An wen die 50 Millionen Euro Versicherungssumme für die Saliera gehen würden, scheint nicht geregelt.
WIEN. Durch den aktuellen Anlass, den Millionen-Diebstahl im Kunsthistorischen Museum, kam ein seit langem ungeklärter Zustand ans Tageslicht. Dass die Saliera nämlich überhaupt bei der Uniqa versichert war, ist sozusagen Glück. Denn nach dem Gesetz sind die Direktoren nicht dazu verpflichtet, eine private Versicherung für ihre Sammlungen abzuschließen. Das bestätigt der "Presse" auch die zuständige Sektionsleiterin im Bildungsministerium, Brigitte Böck: "Immobilien und Objekte der Bundesmuseen sind immer noch im Eigentum des Bundes und für beide gilt der Grundsatz der Nichtversicherung. Weder Immobilien noch Objekte müssten versichert werden. Es gab eine Empfehlung des Rechnungshofes, die als Erlass an alle Häuser ging, keine kommerziellen Versicherungen abzuschließen, sondern in Sicherheitsmaßnahmen zu investieren. Aber es stand jedem Direktor frei, private Versicherungen abzuschließen."
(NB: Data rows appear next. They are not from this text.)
Lemma countd0 n (T : {set F2n n}) k : k \in T -> countd T k 0 = 1%N.
Proof.
rewrite countdE.
have -> : sphere k 0 = [set k] by apply/setP => z; rewrite !inE dH_eq0.
by move=> kT; rewrite (setIidPr _) ?sub1set ?cards1.
Qed.

Lemma sphere_subC1 n (k : F2n n) d : (0 < d)%N -> sphere k d \subset ~: [set k].
Proof.
by move=> d_gt0; apply/subsetP => z; rewrite !inE -dH_eq0 => /eqP->; rewrite -lt0n.
Qed.

Lemma countd_sphere n (T : {set F2n n}) k d : (0 < d)%N ->
  countd T k d = #|(T :\ k) :&: sphere k d|.
Proof. by move=> d_gt0; rewrite countdE setDE -setIA (setIidPr (sphere_subC1 k d_gt0)). Qed.

Lemma disjoint_sphere n (k : F2n n) d1 d2 : d1 != d2 ->
  [disjoint sphere k d1 & sphere k d2].
Proof.
move=> neq_d; rewrite -setI_eq0; apply/eqP/setP => z; rewrite !inE.
by apply: contraNF neq_d => /andP[/eqP <- /eqP <-].
Qed.

Lemma card_F2n n : #|{: F2n n}| = (2 ^ n)%N.
Proof. by rewrite card_mx card_Fp // mul1n. Qed.

Lemma cardsC1_F2n n (k : F2n n) : #|~: [set k]| = (2 ^ n - 1)%N.
Proof. by rewrite cardsC1 card_F2n subn1. Qed.

Lemma bin_le_pred_exp2 n d : (0 < d)%N -> ('C(n, d) <= 2 ^ n - 1)%N.
Proof.
move=> d_gt0; rewrite -(card_sphere (0 : F2n n) d) -(cardsC1_F2n (0 : F2n n)).
exact/subset_leq_card/sphere_subC1.
Qed.

Lemma binD_le_pred_exp2 n d1 d2 : (0 < d1)%N -> (0 < d2)%N -> d1 != d2 ->
  ('C(n, d1) + 'C(n, d2) <= 2 ^ n - 1)%N.
Proof.
move=> d1_gt0 d2_gt0 neq_d; pose k : F2n n := 0.
rewrite -(card_sphere k d1) -(card_sphere k d2) -(cardsC1_F2n k).
have sub_U : sphere k d1 :|: sphere k d2 \subset ~: [set k].
  by rewrite subUset !sphere_subC1.
move: (subset_leq_card sub_U).
by rewrite cardsU (disjoint_setI0 (disjoint_sphere k neq_d)) cards0 subn0.
Qed.

Section UniformSetAndElement.

Variables n t : nat.
Hypotheses (t_gt0 : (0 < t)%N) (t_le : (t <= 2 ^ n)%N).
Implicit Types (E : {set F2n n} -> F2n n -> bool) (T : {set F2n n}) (k : F2n n).

Definition fibre E k :=
  [set T : {set F2n n} | (k \in T) && ((#|T| == t) && E T k)].

Lemma eq_Prob E E' : (forall T k, k \in T -> E T k = E' T k) -> Prob n t E = Prob n t E'.
Proof.
move=> eqE; apply: eq_bigr => T _; congr (_ * _).
by apply: eq_bigr => k kT; rewrite eqE.
Qed.

Lemma Prob0 : Prob n t (fun _ _ => false) = 0.
Proof. by rewrite /Prob big1 // => T _; rewrite big1 ?mulr0 // => k _; rewrite mulr0. Qed.

Lemma Prob_andbl (b : bool) E : Prob n t (fun T k => b && E T k) = b%:R * Prob n t E.
Proof. by case: b; rewrite ?mul1r ?mul0r ?Prob0. Qed.

Lemma Prob_fibres E :
  Prob n t E = ('C(2 ^ n, t)%:R)^-1 * ((t%:R)^-1 * (\sum_k #|fibre E k|)%:R).
Proof.
rewrite /Prob -mulr_sumr; under [in LHS]eq_bigr => T _ do rewrite -mulr_sumr.
rewrite -mulr_sumr natr_sum; congr (_ * (_ * _)).
under [in RHS]eq_bigr => k _ do rewrite -sum1_card natr_sum big_mkcond.
rewrite [RHS]exchange_big /= big_mkcond /=; apply: eq_bigr => T _.
under [in RHS]eq_bigr => k _ do rewrite inE.
case: (#|T| == t); last by rewrite big1 // => k _; case: (k \in T).
by rewrite big_mkcond; apply: eq_bigr => k _; case: (k \in T); case: (E T k).
Qed.

Lemma Prob_const_fibres E V :
  (forall k, #|fibre E k| = V) -> Prob n t E = V%:R / 'C(2 ^ n - 1, t - 1)%:R.
Proof.
move=> fibreE.
rewrite Prob_fibres (eq_bigr (fun=> V)) // sum_nat_const card_F2n.
have binE : (2 ^ n * 'C(2 ^ n - 1, t - 1) = t * 'C(2 ^ n, t))%N.
  by rewrite !subn1 mul_bin_diag prednK.
have nz_C : 'C(2 ^ n, t)%:R != 0 :> rat by rewrite pnatr_eq0 -lt0n bin_gt0.
have nz_C' : 'C(2 ^ n - 1, t - 1)%:R != 0 :> rat by rewrite pnatr_eq0 -lt0n bin_gt0; lia.
have nz_t : t%:R != 0 :> rat by rewrite pnatr_eq0 -lt0n.
rewrite natrM -[(2 ^ n)%:R](mulfK nz_C') -natrM binE natrM.
by field; rewrite nz_C nz_C' nz_t.
Qed.

Lemma card_fibre E k (P : pred {set F2n n}) :
  (forall T, k \in T -> (#|T| == t) && E T k = P (T :\ k)) ->
  #|fibre E k| = #|[set S : {set F2n n} | (S \subset ~: [set k]) && P S]|.
Proof.
move=> PE; have := card_subsets_splitI setT [set k] 1 P.
rewrite setTI cards1 bin1 mul1n setTD => <-; apply: eq_card => T; rewrite !inE subsetT /=.
have [kT | kNT] := boolP (k \in T).
  by rewrite (setIidPr _) ?sub1set // cards1 eqxx PE.
by rewrite (disjoint_setI0 _) ?cards0 // disjoint_sym disjoints1.
Qed.

Lemma Prob1 : Prob n t (fun _ _ => true) = 1.
Proof.
rewrite (@Prob_const_fibres _ 'C(2 ^ n - 1, t - 1)) ?divff // => [|k].
  by rewrite pnatr_eq0 -lt0n bin_gt0; lia.
rewrite (@card_fibre _ k (fun S => 1 + #|S| == t)%N).
  by rewrite card_subsets_offset t_gt0 cardsC1_F2n.
by move=> T kT; rewrite andbT (cardsD1 k T) kT.
Qed.

Lemma Prob_countd0 (x : int) : Prob n t (fun T k => (countd T k 0)%:Z == x) = (x == 1)%:R.
Proof.
have := Prob_andbl (x == 1) (fun _ _ => true).
rewrite Prob1 mulr1 => <-; apply: eq_Prob => T k kT.
by rewrite countd0 // andbT eq_sym.
Qed.

Lemma Prob_countd0_andl (x : int) E :
  Prob n t (fun T k => ((countd T k 0)%:Z == x) && E T k) =
  Prob n t (fun T k => (countd T k 0)%:Z == x) * Prob n t E.
Proof.
rewrite Prob_countd0 -Prob_andbl; apply: eq_Prob => T k kT.
by rewrite countd0 // eq_sym.
Qed.

Lemma card_fibre_countd d a k : (0 < d)%N ->
  #|fibre (fun T k => countd T k d == a) k| =
  ('C('C(n, d), a) *
    (if (1 + a <= t)%N then 'C(2 ^ n - 1 - 'C(n, d), t - (1 + a)) else 0))%N.
Proof.
move=> d_gt0; have sub_d := sphere_subC1 k d_gt0.
rewrite (@card_fibre _ k (fun S => (#|S :&: sphere k d| == a) && (1 + #|S| == t))%N).
  rewrite card_subsets_meet1 (setIidPr sub_d) cardsD (setIidPr sub_d).
  by rewrite cardsC1_F2n card_sphere.
by move=> T kT; rewrite (cardsD1 k T) kT countd_sphere // andbC.
Qed.

Lemma card_fibre_countd2 d1 d2 a b k : (0 < d1)%N -> (0 < d2)%N -> d1 != d2 ->
  #|fibre (fun T k => (countd T k d1 == a) && (countd T k d2 == b)) k| =
  ('C('C(n, d1), a) * ('C('C(n, d2), b) *
    (if (1 + a + b <= t)%N
     then 'C(2 ^ n - 1 - 'C(n, d1) - 'C(n, d2), t - (1 + a + b)) else 0)))%N.
Proof.
move=> d1_gt0 d2_gt0 neq_d.
have sub1 := sphere_subC1 k d1_gt0.
have sub2 : sphere k d2 \subset ~: [set k] :\: sphere k d1.
  by rewrite subsetD sphere_subC1 // disjoint_sym disjoint_sphere.
rewrite (@card_fibre _ k (fun S => (#|S :&: sphere k d1| == a) &&
    ((#|S :&: sphere k d2| == b) && (1 + #|S| == t)))%N).
  rewrite card_subsets_meet2 ?disjoint_sphere // (setIidPr sub1) (setIidPr sub2).
  rewrite cardsD (setIidPr sub2) cardsD (setIidPr sub1).
  by rewrite cardsC1_F2n !card_sphere.
by move=> T kT; rewrite (cardsD1 k T) kT !countd_sphere // andbC -andbA.
Qed.

Lemma Prob_countd d (x : int) : (0 < d)%N ->
  Prob n t (fun T k => (countd T k d)%:Z == x) =
  hypgeom [:: 'C(n, d); (2 ^ n - 1 - 'C(n, d))%N] [:: x; t%:Z - 1 - x].
Proof.
move=> d_gt0; case: x => [a | m]; last first.
  by rewrite (eq_Prob (E' := fun _ _ => false)) ?Prob0.
rewrite (eq_Prob (E' := fun T k => countd T k d == a)) => [|T k _]; last first.
  by rewrite eqz_nat.
rewrite (Prob_const_fibres (fun k => card_fibre_countd a k d_gt0)) hypgeom2.
by rewrite subnKC // bin_le_pred_exp2.
Qed.

Lemma Prob_countd2 d1 d2 (x1 x2 : int) : (0 < d1)%N -> (0 < d2)%N -> d1 != d2 ->
  Prob n t (fun T k => ((countd T k d1)%:Z == x1) && ((countd T k d2)%:Z == x2)) =
  hypgeom [:: 'C(n, d1); 'C(n, d2); (2 ^ n - 1 - 'C(n, d1) - 'C(n, d2))%N]
          [:: x1; x2; t%:Z - 1 - x1 - x2].
Proof.
move=> d1_gt0 d2_gt0 neq_d; case: x1 => [a | m1]; last first.
  by rewrite (eq_Prob (E' := fun _ _ => false)) ?Prob0.
case: x2 => [b | m2]; last first.
  by rewrite (eq_Prob (E' := fun _ _ => false)) ?Prob0 // => T k _; rewrite andbF.
rewrite (eq_Prob (E' := fun T k => (countd T k d1 == a) && (countd T k d2 == b)));
  last by move=> T k _; rewrite !eqz_nat.
rewrite (Prob_const_fibres (fun k => card_fibre_countd2 a b k d1_gt0 d2_gt0 neq_d)).
by rewrite hypgeom3 -subnDA subnKC // binD_le_pred_exp2.
Qed.

End UniformSetAndElement.

Theorem lemma3 (n t : nat) (ht1 : (1 <= t)%N) (ht2 : (t <= 2 ^ n)%N) :
  (forall (d : nat) (x : int), (d <= n)%N ->
     Prob n t (fun T k => (countd T k d)%:Z == x) =
     (if d == 0%N then (if x == 1 then 1 else 0)
      else hypgeom [:: 'C(n, d); (2 ^ n - 1 - 'C(n, d))%N]
                   [:: x; t%:Z - 1 - x]))
  /\
  (forall (d1 d2 : nat) (x1 x2 : int), (d1 <= n)%N -> (d2 <= n)%N ->
     Prob n t (fun T k => ((countd T k d1)%:Z == x1) && ((countd T k d2)%:Z == x2)) =
     (if (d1 == 0%N) || (d2 == 0%N) then
        Prob n t (fun T k => (countd T k d1)%:Z == x1) *
        Prob n t (fun T k => (countd T k d2)%:Z == x2)
      else if d1 == d2 then
        (if x1 == x2 then Prob n t (fun T k => (countd T k d1)%:Z == x1) else 0)
      else hypgeom [:: 'C(n, d1); 'C(n, d2); (2 ^ n - 1 - 'C(n, d1) - 'C(n, d2))%N]
                   [:: x1; x2; t%:Z - 1 - x1 - x2])).
Proof.
split=> [d x _ | d1 d2 x1 x2 _ _].
  have [-> | d_neq0] := eqVneq d 0%N; first by rewrite Prob_countd0 //; case: (x == 1).
  by rewrite Prob_countd // lt0n.
have [-> | d1_neq0] := eqVneq d1 0%N; first by rewrite Prob_countd0_andl.
have [-> | d2_neq0] := eqVneq d2 0%N.
  by rewrite mulrC -Prob_countd0_andl //; apply: eq_Prob => T k _; rewrite andbC.
rewrite /=; have [<- | neq_d] := eqVneq d1 d2.
  have [<- | neq_x] := eqVneq x1 x2; first by apply: eq_Prob => T k _; rewrite andbb.
  rewrite (@eq_Prob n t _ (fun _ _ => false)) ?Prob0 // => T k _.
  by apply/negbTE/andP => -[/eqP-> /eqP eq_x]; rewrite eq_x eqxx in neq_x.
by rewrite Prob_countd2 // lt0n.
Qed.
Die meisten Museen, wie das Kunsthistorische, die Österreichische Galerie Belvedere, die Albertina, das Technische Museum und die Nationalbibliothek schlossen private Versicherungen ab. Andere, wie das Museums für angewandte Kunst (MAK), nicht. MAK-Direktor Peter Noever: "Ich habe die Sammlung nicht versichern lassen, weil Kunst nicht durch Geld zu ersetzen ist. Das sind ja keine Sportgeräte". Die Haftung trägt er als Geschäftsführer selber.
Vor der Ausgliederung war alles anders, da galt die Bundeshaftung. "Bei der Bundeshaftung wäre das Objekt einfach aus dem Vermögen des Staates gestrichen worden. Nur bei Leihgaben von außen musste der Staat zahlen".
"Ich habe die Versicherung damals abgeschlossen, weil mich nichts aus der Haftung als Direktor entbindet", begründet Seipel seine Entscheidung - "Selbsterhaltungstrieb sozusagen. Aber die Versicherung ist sowieso nur ein Tropfen des Trostes." Nur, wohin dieser Tropfen eigentlich fallen wird, wenn überhaupt, scheint alles andere als klar. Weder das Kunsthistorische, noch die Uniqa, noch Sektionsleiterin Böck, gaben am Montag Auskunft, wer die 50 Millionen Euro letztendlich erhalten wird. Wie das weitere Procedere sei, wisse man noch nicht.
Rechtlich gesehen ist die Versicherung dem Vertragspartner, in dem Fall dem KHM verpflichtet. Wie das Museum aber als Leihnehmer des Staates den Schaden der Republik nach Ende des Leihvertrages - der auf die Dauer der Geltung des Bundesmuseengesetztes abgeschlossen ist, wieder ersetzen soll, scheint nicht geregelt zu sein. Für Johanna Rachinger, Generaldirektorin der Nationalbibliothek, liegt der Fall klar: "Ich gehe davon aus, dass uns das Geld bleiben würde. Wir zahlen ja auch die Prämien."